---------- Given data

(* Closing such a walk with [e0] gives a flow with values in {-1,0,1},
   supported on odd edges and nonzero on [e0]. *)
Lemma odd_cycle_flow o g e0 : (forall v, (2 %| boundary o g v)%Z) ->
  e0 \in odd_edges g -> exists chi : E -> int,
  [/\ forall v, boundary o chi v = 0,
      forall e, chi e = 0 \/ (`|chi e| = 1 /\ e \in odd_edges g)
    & `|chi e0| = 1].
Proof.
move=> Heven He0; set A := odd_edges g.
have [p [Hp Hu Hlast]] : exists p, [/\ path (adjA A e0) (t e0) p,
    uniq (t e0 :: p) & last (t e0) p = s e0].
  case/connectP: (odd_edge_closes_walk Heven He0) => q Hq ->.
  by case/shortenP: Hq => p Hp Hu _; exists p.
pose chi e := (e == e0)%:R * walk_sign o e0 (s e0) + walk_flow o A e0 (t e0) p e.
have chi_e0 : `|chi e0| = 1.
  rewrite /chi eqxx mul1r; case: (walk_flow_values o e0 Hp Hu) => [->|[_ [_ /negP]]] //.
  by rewrite addr0 /walk_sign; case: ifP.
exists chi; split => //.
- move=> v; rewrite /boundary.
  rewrite (eq_bigr (fun e => (e == e0)%:R * (incidence o v e0 * walk_sign o e0 (s e0))
     + incidence o v e * walk_flow o A e0 (t e0) p e)); last first.
    by move=> e _; rewrite /chi; case: eqP => [->|_]; rewrite ?mul1r ?mul0r; ring.
  rewrite big_split /= -/(boundary _ _ _) walk_flow_boundary // Hlast.
  rewrite (bigD1 e0) //= eqxx mul1r big1 ?addr0; last first.
    by move=> e /negbTE ->; rewrite mul0r.
  by rewrite (@incidence_walk_sign o e0 (s e0) (t e0) v) /joins ?eqxx //; ring.
- move=> e; case: (eqVneq e e0) => [->|ne]; first by right.
  rewrite /chi (negbTE ne) mul0r add0r.
  by case: (walk_flow_values o e Hp Hu) => [|[? [? _]]]; [left|right].
Qed.

(* Every integer weighting with even boundary is congruent mod 2 to a flow
   with values in {-1,0,1}: subtract cycle flows through odd edges until no
   odd edge is left. *)
Lemma even_boundary_lift o g : (forall v, (2 %| boundary o g v)%Z) ->
  exists pa k : E -> int, [/\ forall v, boundary o pa v = 0,
    forall e, `|pa e| <= 1 & forall e, g e = pa e + 2 * k e].
Proof.
move: {2}#|odd_edges g|.+1 (ltnSn #|odd_edges g|) => n.
elim: n g => [//|n IH] g Hcard Heven.
case: (set_0Vmem (odd_edges g)) => [Hnone|[e0 He0]].
  exists (fun _ => 0), (fun e => (g e %/ 2)%Z); split => // [v|e].
    by rewrite /boundary big1 // => e _; rewrite mulr0.
  have : e \notin odd_edges g by rewrite Hnone inE.
  by rewrite inE; lia.
have [chi [Fchi Hchi chi_e0]] := odd_cycle_flow Heven He0.
pose g' e := 1 * g e + (-1) * chi e.
have Heven' v : (2 %| boundary o g' v)%Z.
  by rewrite boundary_lin Fchi; have := Heven v; lia.
have Hcard' : (#|odd_edges g'| < n)%N.
  rewrite -ltnS; apply: leq_trans Hcard; apply: proper_card; apply/properP; split.
    by apply/subsetP => e; rewrite !inE /g'; case: (Hchi e) => [|[_]]; rewrite ?inE; lia.
  by exists e0 => //; rewrite inE /g'; move: He0; rewrite inE; lia.
have [pa [k [Fa Ba Ka]]] := IH g' Hcard' Heven'.
exists (fun e => 1 * pa e + 1 * chi e), k; split.
- by move=> v; rewrite boundary_lin Fa Fchi; ring.
- move=> e; have := Ka e; have := Ba e; rewrite /g'.
  by case: (Hchi e) => [|[]]; rewrite ?inE; lia.
- by move=> e; have := Ka e; rewrite /g'; lia.
Qed.

(* First part of the theorem: a nowhere-zero 4-flow [f] splits as
   [f = pa + 2 pb + 4 k] with [pa], [pb] flows in {-1,0,1}, and [pa], [pb]
   cannot both vanish where [f] does not. *)
Lemma nz4flow_frank_cover : edge_connected s t 3 -> nz_flow s t 4 -> frank_cover s t 2.
Proof.
move=> Hconn [o [f [Hrange /conservation_boundary Ff]]].
have even0 : forall (h : E -> int) v, boundary o h v = 0 -> (2 %| boundary o h v)%Z.
  by move=> h v ->.
have [pa [ka [Fa Ba Ka]]] := even_boundary_lift (fun v => even0 _ v (Ff v)).
have Fk v : boundary o ka v = 0.
  have : boundary o f v = boundary o (fun e => 1 * pa e + 2 * ka e) v.
    by apply: eq_bigr => e _; rewrite Ka; congr (_ * _); ring.
  by rewrite boundary_lin Fa Ff; lia.
have [pb [kb [Fb Bb Kb]]] := even_boundary_lift (fun v => even0 _ v (Fk v)).
apply: (two_unit_flows_frank_cover Hconn Fa Fb Ba Bb) => e.
by have := Hrange e; have := Ka e; have := Kb e; lia.
Qed.

Definition incident (v : V) : {set E} := [set e | (s e == v) || (t e == v)].

Lemma oriented_incident o e v : (tail o e == v) || (head o e == v) -> e \in incident v.
Proof. by rewrite inE /Defs.ohead /otail; case: (o e) => /orP[]->; rewrite ?orbT. Qed.

Lemma other_vertex (v : V) : (1 < #|V|)%N -> exists u, u != v.
Proof.
rewrite (cardD1 v) inE add1n ltnS => /card_gt0P [u].
by rewrite !inE => /andP[Hu _]; exists u.
Qed.

(* Minimum degree of a 3-edge-connected graph: [incident v] contains the
   edges crossing the cut [{v}]. *)
Lemma incident_ge3 v : edge_connected s t 3 -> (3 <= #|incident v|)%N.
Proof.
move=> Hconn; have [u Hu] := other_vertex v Hconn.1.
have uX : u \notin [set v] by rewrite inE.
apply: leq_trans (crossing_ge3 Hconn (set11 v) uX) (subset_leq_card _).
by apply/subsetP => e; rewrite !inE; case: (s e == v); case: (t e == v).
Qed.

Lemma strong_exit F o (u v : V) : u != v -> strong_on s t F o ->
  exists2 e, e \in F & tail o e == v.
Proof.
move=> Huv /(_ v u); rewrite eq_sym => /(_ Huv) /connectP[[|w p] /= Hp Hl].
  by rewrite Hl eqxx in Huv.
by case/andP: Hp => /existsP[e /and3P[HF Ht _]]; exists e.
Qed.

Lemma strong_entry F o (u v : V) : u != v -> strong_on s t F o ->
  {in incident v, forall e, s e != t e} ->
  exists2 e, e \in F & (head o e == v) && (tail o e != v).
Proof.
move=> Huv /(_ u v Huv) /connectP[p Hp Hl] Hloop.
case/lastP: p Hp Hl => [|q w] Hp Hl; first by rewrite /= Hl eqxx in Huv.
rewrite rcons_path last_rcons in Hp Hl; subst w.
case/andP: Hp => _ /existsP[e /and3P[HF _ Hh]]; exists e => //; rewrite Hh /=.
have Hinc : e \in incident v.
  by have := oriented_ends o e; rewrite inE (eqP Hh) => /orP[]/andP[/eqP<- _];
    rewrite eqxx ?orbT.
have := Hloop e Hinc; have := oriented_ends o e; rewrite (eqP Hh).
by case/orP => /andP[/eqP<- /eqP->] //; rewrite eq_sym.
Qed.

(* Hence, at a loopless vertex [v] of degree 3, some edge is not deletable in
   a given orientation [o]: [v] has at most one outgoing or at most one
   incoming edge, and deleting it leaves [v] without exit or without entry. *)
Lemma degree3_not_all_deletable o v : (1 < #|V|)%N -> #|incident v| = 3%N ->
  {in incident v, forall e, s e != t e} -> exists e, ~ deletable s t o e.
Proof.
move=> HV Hdeg Hloop; have [u Hu] := other_vertex v HV.
have [e1 _] : exists e1, e1 \in incident v by apply/set0Pn; rewrite -card_gt0 Hdeg.
have at_most_one (S : {set E}) : (#|S| <= 1)%N -> exists e, forall x, x \in S -> x = e.
  case: (set_0Vmem S) => [->|[x Hx]] Hcard; first by exists e1 => y; rewrite inE.
  by exists x => y Hy; apply: (card_le1_eqP Hcard).  
set Out := [set e in incident v | tail o e == v].
set In := [set e in incident v | tail o e != v].
have : (#|Out| + #|In| = 3)%N.
  rewrite -Hdeg -(cardsID [set e | tail o e == v] (incident v)).
  by congr (_ + _)%N; apply: eq_card => e; rewrite !inE // andbC.
move=> Hsum; have [/at_most_one[e He]|/at_most_one[e He]] :
    (#|Out| <= 1)%N \/ (#|In| <= 1)%N by lia.
- exists e => /(strong_exit Hu)[x]; rewrite !inE => /andP[Hxe _] Hx.
  case/eqP: Hxe; apply: He; rewrite inE Hx andbT.
  by apply: (@oriented_incident o); rewrite Hx.
- exists e => /(strong_entry Hu)/(_ Hloop)[x]; rewrite !inE => /andP[Hxe _].
  move=> /andP[Hh Ht]; case/eqP: Hxe; apply: He.
  by rewrite inE Ht andbT; apply: (@oriented_incident o); rewrite Hh orbT.
Qed.


Lemma degree3_frank_cover_lb v : (1 < #|V|)%N -> #|incident v| = 3%N ->
  {in incident v, forall e, s e != t e} -> forall k, (k < 2)%N -> ~ frank_cover s t k.
Proof.
move=> HV Hdeg Hloop [|[|//]] _ [os Hcov].
  have [e1 _] : exists e1, e1 \in incident v by apply/set0Pn; rewrite -card_gt0 Hdeg.
  by have [[]] := Hcov e1.
have [e Hnd] := degree3_not_all_deletable (os ord0) HV Hdeg Hloop.
by have [i] := Hcov e; rewrite (ord1 i).
Qed.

--------------------

[Work item]: Using the records above, report each line that contains the word "pose" by copying it.

[Solved problem]:
pose chi e := (e == e0)%:R * walk_sign o e0 (s e0) + walk_flow o A e0 (t e0) p e.
pose g' e := 1 * g e + (-1) * chi e.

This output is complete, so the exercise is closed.